*** Opening Listed records ***

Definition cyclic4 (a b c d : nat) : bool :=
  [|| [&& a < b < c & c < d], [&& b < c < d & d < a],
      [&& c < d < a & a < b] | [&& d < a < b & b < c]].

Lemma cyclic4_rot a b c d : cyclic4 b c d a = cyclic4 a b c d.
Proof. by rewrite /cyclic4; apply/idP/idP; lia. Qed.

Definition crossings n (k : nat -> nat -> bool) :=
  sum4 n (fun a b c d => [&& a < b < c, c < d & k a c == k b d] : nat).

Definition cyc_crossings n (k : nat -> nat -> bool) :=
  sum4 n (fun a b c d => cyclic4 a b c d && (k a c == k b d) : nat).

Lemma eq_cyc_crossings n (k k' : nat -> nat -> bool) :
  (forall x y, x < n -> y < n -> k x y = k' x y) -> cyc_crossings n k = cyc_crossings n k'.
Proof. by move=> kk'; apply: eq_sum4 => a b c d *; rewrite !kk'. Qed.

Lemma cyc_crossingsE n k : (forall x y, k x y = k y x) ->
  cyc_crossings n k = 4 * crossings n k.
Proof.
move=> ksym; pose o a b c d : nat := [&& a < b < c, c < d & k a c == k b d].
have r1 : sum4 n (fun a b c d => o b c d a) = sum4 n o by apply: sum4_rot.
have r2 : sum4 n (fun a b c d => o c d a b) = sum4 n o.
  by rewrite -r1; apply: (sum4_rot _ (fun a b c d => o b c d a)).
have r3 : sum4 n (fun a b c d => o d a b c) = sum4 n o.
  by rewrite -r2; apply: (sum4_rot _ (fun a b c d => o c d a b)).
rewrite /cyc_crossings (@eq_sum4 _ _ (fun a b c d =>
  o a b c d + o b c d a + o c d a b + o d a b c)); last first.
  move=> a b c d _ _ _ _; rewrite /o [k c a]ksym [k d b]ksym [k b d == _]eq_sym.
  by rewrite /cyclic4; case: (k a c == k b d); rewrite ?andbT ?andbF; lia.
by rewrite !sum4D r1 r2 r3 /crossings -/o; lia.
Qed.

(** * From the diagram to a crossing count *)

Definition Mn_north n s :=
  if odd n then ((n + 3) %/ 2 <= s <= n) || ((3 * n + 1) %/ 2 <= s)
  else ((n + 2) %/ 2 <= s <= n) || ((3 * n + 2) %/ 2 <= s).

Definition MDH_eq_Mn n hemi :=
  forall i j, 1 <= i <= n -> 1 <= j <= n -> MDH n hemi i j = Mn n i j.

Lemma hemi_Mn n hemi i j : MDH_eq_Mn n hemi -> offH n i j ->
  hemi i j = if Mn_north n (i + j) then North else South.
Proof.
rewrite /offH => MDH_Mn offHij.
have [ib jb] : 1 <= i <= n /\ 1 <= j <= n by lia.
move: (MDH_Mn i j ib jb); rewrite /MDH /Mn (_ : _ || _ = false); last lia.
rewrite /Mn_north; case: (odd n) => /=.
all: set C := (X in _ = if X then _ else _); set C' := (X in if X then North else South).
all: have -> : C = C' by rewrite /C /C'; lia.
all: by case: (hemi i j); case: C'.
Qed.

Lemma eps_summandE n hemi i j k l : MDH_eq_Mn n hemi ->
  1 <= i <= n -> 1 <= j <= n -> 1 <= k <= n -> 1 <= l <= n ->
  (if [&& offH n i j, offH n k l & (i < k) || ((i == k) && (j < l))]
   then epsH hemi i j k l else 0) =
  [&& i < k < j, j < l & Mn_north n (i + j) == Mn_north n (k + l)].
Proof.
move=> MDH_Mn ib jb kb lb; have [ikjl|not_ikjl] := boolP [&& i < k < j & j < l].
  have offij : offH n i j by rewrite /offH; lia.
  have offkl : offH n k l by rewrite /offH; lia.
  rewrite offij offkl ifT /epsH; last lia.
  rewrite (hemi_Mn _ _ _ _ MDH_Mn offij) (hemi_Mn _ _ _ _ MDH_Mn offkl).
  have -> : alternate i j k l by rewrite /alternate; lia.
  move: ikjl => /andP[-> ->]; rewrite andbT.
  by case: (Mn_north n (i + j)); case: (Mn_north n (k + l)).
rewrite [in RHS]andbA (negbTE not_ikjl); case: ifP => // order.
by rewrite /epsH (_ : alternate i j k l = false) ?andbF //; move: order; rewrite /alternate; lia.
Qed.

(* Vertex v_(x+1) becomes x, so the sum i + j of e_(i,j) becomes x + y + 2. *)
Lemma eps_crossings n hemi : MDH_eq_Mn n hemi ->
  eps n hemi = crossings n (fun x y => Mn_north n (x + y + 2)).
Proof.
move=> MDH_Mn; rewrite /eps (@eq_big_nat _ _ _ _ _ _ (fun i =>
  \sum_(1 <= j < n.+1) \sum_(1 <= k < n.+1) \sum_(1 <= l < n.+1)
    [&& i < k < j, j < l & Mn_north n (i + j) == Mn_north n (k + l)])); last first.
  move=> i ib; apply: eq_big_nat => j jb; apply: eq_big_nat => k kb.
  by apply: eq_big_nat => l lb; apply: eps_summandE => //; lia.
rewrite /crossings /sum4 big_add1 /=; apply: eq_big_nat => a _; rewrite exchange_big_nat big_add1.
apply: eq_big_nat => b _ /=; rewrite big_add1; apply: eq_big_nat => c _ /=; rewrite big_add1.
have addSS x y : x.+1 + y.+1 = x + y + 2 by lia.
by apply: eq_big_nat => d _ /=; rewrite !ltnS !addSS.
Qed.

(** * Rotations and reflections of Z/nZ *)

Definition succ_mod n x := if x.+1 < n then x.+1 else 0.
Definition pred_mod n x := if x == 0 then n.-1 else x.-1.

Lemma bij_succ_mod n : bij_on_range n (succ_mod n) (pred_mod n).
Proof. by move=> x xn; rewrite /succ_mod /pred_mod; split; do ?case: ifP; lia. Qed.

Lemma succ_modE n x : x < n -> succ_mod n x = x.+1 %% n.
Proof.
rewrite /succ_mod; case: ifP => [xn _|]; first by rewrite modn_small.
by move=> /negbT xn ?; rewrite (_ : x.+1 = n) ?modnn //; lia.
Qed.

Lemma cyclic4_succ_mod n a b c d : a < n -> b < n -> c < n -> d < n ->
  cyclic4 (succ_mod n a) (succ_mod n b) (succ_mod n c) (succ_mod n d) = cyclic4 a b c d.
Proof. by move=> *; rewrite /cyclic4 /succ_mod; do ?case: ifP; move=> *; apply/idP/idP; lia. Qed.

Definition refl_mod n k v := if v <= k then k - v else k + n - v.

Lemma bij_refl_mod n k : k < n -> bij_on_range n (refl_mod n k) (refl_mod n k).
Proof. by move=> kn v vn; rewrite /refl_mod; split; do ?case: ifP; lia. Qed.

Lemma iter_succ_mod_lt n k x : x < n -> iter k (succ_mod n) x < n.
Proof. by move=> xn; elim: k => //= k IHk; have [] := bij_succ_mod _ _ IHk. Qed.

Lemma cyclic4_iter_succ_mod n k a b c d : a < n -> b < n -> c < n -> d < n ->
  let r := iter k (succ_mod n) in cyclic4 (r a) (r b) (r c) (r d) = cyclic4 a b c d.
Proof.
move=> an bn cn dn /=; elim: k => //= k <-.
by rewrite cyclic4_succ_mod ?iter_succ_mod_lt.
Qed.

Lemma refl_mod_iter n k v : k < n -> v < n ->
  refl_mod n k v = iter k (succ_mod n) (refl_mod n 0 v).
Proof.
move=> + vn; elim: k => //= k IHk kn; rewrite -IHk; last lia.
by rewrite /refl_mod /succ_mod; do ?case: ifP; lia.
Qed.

*** Closing Listed records ***
*** Opening Listed records ***

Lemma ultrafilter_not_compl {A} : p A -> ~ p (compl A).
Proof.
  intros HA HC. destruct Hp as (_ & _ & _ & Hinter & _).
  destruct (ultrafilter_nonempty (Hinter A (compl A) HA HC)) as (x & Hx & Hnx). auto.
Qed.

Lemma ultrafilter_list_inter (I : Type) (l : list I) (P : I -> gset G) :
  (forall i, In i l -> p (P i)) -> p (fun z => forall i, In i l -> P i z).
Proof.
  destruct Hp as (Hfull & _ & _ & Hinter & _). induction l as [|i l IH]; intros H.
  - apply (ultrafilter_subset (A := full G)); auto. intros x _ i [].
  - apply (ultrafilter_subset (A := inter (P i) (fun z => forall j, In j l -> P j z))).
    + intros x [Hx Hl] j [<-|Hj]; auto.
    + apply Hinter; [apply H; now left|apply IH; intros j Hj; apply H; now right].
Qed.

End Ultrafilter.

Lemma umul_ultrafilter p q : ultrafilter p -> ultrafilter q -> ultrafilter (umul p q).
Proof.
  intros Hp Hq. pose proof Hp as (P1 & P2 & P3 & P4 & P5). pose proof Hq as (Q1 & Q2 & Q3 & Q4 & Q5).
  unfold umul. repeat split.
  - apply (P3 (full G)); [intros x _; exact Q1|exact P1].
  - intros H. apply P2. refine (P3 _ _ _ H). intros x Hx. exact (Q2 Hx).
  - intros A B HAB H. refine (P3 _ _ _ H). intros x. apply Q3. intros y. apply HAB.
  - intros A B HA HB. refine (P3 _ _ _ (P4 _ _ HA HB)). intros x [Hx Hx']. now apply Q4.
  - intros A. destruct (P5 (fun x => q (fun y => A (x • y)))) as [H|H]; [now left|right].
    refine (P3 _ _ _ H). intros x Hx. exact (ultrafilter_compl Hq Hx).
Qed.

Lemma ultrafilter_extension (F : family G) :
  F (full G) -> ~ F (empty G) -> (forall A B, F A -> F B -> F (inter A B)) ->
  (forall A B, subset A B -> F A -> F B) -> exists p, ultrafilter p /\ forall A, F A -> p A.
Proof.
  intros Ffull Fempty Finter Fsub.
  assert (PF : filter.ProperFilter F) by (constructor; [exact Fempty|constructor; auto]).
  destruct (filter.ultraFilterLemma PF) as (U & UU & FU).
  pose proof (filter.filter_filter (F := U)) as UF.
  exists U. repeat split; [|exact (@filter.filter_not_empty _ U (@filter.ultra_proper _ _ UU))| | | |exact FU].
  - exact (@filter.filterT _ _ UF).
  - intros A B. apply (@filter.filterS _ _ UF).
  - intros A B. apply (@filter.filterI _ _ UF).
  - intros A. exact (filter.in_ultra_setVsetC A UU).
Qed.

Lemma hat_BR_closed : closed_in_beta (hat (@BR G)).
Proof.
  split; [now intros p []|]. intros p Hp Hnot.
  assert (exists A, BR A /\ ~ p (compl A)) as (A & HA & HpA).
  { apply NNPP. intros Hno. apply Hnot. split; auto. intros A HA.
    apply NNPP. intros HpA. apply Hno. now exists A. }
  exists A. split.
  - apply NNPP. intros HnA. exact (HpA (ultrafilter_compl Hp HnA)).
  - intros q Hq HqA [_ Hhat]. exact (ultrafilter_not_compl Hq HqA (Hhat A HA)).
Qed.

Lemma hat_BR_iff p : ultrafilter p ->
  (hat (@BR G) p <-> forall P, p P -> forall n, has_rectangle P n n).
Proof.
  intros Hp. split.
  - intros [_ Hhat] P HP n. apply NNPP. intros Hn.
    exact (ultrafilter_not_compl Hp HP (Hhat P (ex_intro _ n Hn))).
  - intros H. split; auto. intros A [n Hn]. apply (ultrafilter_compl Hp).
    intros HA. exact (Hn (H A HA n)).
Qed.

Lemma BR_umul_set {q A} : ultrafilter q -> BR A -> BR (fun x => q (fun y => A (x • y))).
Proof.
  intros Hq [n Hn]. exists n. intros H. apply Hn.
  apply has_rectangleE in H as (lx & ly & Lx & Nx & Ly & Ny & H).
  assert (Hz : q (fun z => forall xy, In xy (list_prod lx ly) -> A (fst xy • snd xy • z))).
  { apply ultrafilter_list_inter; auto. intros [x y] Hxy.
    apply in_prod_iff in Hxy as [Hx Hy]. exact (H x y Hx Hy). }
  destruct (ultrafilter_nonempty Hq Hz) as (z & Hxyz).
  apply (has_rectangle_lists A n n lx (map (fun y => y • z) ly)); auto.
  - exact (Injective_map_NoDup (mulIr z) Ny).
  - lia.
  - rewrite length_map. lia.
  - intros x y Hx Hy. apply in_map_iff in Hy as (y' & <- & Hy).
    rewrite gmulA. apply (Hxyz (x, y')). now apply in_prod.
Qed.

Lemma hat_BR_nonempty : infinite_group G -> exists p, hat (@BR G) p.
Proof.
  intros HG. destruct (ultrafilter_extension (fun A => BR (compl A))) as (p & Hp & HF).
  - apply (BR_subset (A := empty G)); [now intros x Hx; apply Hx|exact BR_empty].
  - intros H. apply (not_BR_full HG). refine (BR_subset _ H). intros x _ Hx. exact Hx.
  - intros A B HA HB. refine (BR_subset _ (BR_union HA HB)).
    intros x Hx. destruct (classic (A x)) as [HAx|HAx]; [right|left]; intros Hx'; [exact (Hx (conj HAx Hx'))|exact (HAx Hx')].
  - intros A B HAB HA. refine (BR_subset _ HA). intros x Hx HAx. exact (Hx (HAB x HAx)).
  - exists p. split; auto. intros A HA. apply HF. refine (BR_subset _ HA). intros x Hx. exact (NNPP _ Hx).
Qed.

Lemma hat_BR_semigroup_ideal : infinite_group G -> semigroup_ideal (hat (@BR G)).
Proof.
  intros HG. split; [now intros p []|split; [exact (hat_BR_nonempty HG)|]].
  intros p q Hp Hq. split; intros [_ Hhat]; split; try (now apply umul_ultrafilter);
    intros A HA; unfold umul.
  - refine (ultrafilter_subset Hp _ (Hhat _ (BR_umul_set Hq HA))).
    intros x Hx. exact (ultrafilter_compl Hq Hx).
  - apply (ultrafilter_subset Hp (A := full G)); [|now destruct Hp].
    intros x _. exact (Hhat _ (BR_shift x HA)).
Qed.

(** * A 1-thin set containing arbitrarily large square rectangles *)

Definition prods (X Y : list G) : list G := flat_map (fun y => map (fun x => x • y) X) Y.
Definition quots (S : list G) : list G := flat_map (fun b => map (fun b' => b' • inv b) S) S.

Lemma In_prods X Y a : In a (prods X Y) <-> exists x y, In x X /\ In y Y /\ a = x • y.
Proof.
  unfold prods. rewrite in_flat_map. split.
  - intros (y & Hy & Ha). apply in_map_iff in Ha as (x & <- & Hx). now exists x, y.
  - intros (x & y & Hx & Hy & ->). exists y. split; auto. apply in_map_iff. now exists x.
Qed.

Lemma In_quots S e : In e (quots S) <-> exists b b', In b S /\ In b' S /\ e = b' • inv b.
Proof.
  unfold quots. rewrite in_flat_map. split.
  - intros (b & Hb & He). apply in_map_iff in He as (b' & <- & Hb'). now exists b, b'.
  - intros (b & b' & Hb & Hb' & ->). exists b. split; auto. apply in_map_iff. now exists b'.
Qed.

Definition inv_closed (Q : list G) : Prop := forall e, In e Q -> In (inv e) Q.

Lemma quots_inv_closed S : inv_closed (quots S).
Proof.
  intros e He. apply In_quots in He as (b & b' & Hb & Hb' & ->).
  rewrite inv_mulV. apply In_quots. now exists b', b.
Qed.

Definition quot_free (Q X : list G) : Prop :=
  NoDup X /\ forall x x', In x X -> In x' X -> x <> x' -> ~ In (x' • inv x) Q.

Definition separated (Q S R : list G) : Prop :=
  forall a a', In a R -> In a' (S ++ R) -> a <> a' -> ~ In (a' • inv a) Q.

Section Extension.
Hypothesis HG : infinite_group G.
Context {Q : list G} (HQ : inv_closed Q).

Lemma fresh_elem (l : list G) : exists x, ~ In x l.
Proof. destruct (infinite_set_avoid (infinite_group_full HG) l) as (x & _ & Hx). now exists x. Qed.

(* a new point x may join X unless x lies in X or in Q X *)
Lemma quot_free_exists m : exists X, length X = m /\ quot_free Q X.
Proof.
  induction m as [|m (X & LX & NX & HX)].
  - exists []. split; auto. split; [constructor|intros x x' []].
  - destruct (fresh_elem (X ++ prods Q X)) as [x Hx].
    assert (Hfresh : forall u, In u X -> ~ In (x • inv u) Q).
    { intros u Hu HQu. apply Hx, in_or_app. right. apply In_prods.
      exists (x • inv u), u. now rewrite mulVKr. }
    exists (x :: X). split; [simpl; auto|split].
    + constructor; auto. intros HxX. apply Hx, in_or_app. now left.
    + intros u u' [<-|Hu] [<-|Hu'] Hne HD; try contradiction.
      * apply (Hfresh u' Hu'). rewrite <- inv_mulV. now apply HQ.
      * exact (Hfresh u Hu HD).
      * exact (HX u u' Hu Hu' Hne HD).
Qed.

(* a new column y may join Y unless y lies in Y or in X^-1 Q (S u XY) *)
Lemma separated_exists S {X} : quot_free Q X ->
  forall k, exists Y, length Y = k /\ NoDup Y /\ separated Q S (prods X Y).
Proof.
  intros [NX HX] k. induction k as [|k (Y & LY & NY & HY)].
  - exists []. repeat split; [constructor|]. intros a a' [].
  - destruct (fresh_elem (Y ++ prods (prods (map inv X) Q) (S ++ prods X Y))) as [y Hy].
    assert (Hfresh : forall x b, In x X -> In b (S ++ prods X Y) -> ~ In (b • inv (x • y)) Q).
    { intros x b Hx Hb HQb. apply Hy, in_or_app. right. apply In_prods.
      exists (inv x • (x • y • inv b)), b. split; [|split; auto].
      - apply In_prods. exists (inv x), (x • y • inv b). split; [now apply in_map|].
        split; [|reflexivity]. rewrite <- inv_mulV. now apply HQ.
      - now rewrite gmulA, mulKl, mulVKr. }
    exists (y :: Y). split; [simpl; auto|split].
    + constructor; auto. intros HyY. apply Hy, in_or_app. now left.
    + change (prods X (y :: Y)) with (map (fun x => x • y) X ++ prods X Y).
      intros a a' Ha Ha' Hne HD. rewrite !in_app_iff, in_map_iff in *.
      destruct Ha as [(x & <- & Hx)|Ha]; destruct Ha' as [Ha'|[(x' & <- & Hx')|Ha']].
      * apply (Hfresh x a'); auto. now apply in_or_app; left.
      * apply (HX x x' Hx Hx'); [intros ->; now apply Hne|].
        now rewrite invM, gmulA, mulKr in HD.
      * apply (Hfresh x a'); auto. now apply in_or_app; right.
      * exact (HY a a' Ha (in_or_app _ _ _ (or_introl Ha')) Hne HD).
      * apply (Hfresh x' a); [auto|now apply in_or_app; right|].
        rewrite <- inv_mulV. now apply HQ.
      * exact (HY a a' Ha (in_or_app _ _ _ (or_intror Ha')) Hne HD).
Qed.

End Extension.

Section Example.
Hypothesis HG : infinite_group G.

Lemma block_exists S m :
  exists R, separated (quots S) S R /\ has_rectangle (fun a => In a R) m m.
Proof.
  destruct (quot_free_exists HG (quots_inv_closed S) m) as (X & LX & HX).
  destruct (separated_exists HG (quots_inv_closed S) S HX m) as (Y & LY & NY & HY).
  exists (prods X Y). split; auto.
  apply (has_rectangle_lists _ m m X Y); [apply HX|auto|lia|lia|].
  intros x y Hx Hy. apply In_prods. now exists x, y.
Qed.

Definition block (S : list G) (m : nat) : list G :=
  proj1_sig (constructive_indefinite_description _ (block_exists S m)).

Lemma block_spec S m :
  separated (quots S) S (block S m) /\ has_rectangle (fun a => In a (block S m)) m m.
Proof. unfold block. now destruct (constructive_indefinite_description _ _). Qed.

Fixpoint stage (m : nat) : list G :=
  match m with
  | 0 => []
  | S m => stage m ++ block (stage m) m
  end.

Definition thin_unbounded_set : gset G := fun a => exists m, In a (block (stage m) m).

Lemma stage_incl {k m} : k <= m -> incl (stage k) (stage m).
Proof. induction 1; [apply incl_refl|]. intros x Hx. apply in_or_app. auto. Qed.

*** Closing Listed records ***

- Exercise goal:
Of all the entries above, retype exactly the lines from the line with "(if [&& offH" to the line with "(** * Rotations and reflections of Z/nZ *)", both included, and no others.

- Output for this exercise:
  (if [&& offH n i j, offH n k l & (i < k) || ((i == k) && (j < l))]
   then epsH hemi i j k l else 0) =
  [&& i < k < j, j < l & Mn_north n (i + j) == Mn_north n (k + l)].
Proof.
move=> MDH_Mn ib jb kb lb; have [ikjl|not_ikjl] := boolP [&& i < k < j & j < l].
  have offij : offH n i j by rewrite /offH; lia.
  have offkl : offH n k l by rewrite /offH; lia.
  rewrite offij offkl ifT /epsH; last lia.
  rewrite (hemi_Mn _ _ _ _ MDH_Mn offij) (hemi_Mn _ _ _ _ MDH_Mn offkl).
  have -> : alternate i j k l by rewrite /alternate; lia.
  move: ikjl => /andP[-> ->]; rewrite andbT.
  by case: (Mn_north n (i + j)); case: (Mn_north n (k + l)).
rewrite [in RHS]andbA (negbTE not_ikjl); case: ifP => // order.
by rewrite /epsH (_ : alternate i j k l = false) ?andbF //; move: order; rewrite /alternate; lia.
Qed.

(* Vertex v_(x+1) becomes x, so the sum i + j of e_(i,j) becomes x + y + 2. *)
Lemma eps_crossings n hemi : MDH_eq_Mn n hemi ->
  eps n hemi = crossings n (fun x y => Mn_north n (x + y + 2)).
Proof.
move=> MDH_Mn; rewrite /eps (@eq_big_nat _ _ _ _ _ _ (fun i =>
  \sum_(1 <= j < n.+1) \sum_(1 <= k < n.+1) \sum_(1 <= l < n.+1)
    [&& i < k < j, j < l & Mn_north n (i + j) == Mn_north n (k + l)])); last first.
  move=> i ib; apply: eq_big_nat => j jb; apply: eq_big_nat => k kb.
  by apply: eq_big_nat => l lb; apply: eps_summandE => //; lia.
rewrite /crossings /sum4 big_add1 /=; apply: eq_big_nat => a _; rewrite exchange_big_nat big_add1.
apply: eq_big_nat => b _ /=; rewrite big_add1; apply: eq_big_nat => c _ /=; rewrite big_add1.
have addSS x y : x.+1 + y.+1 = x + y + 2 by lia.
by apply: eq_big_nat => d _ /=; rewrite !ltnS !addSS.
Qed.

(** * Rotations and reflections of Z/nZ *)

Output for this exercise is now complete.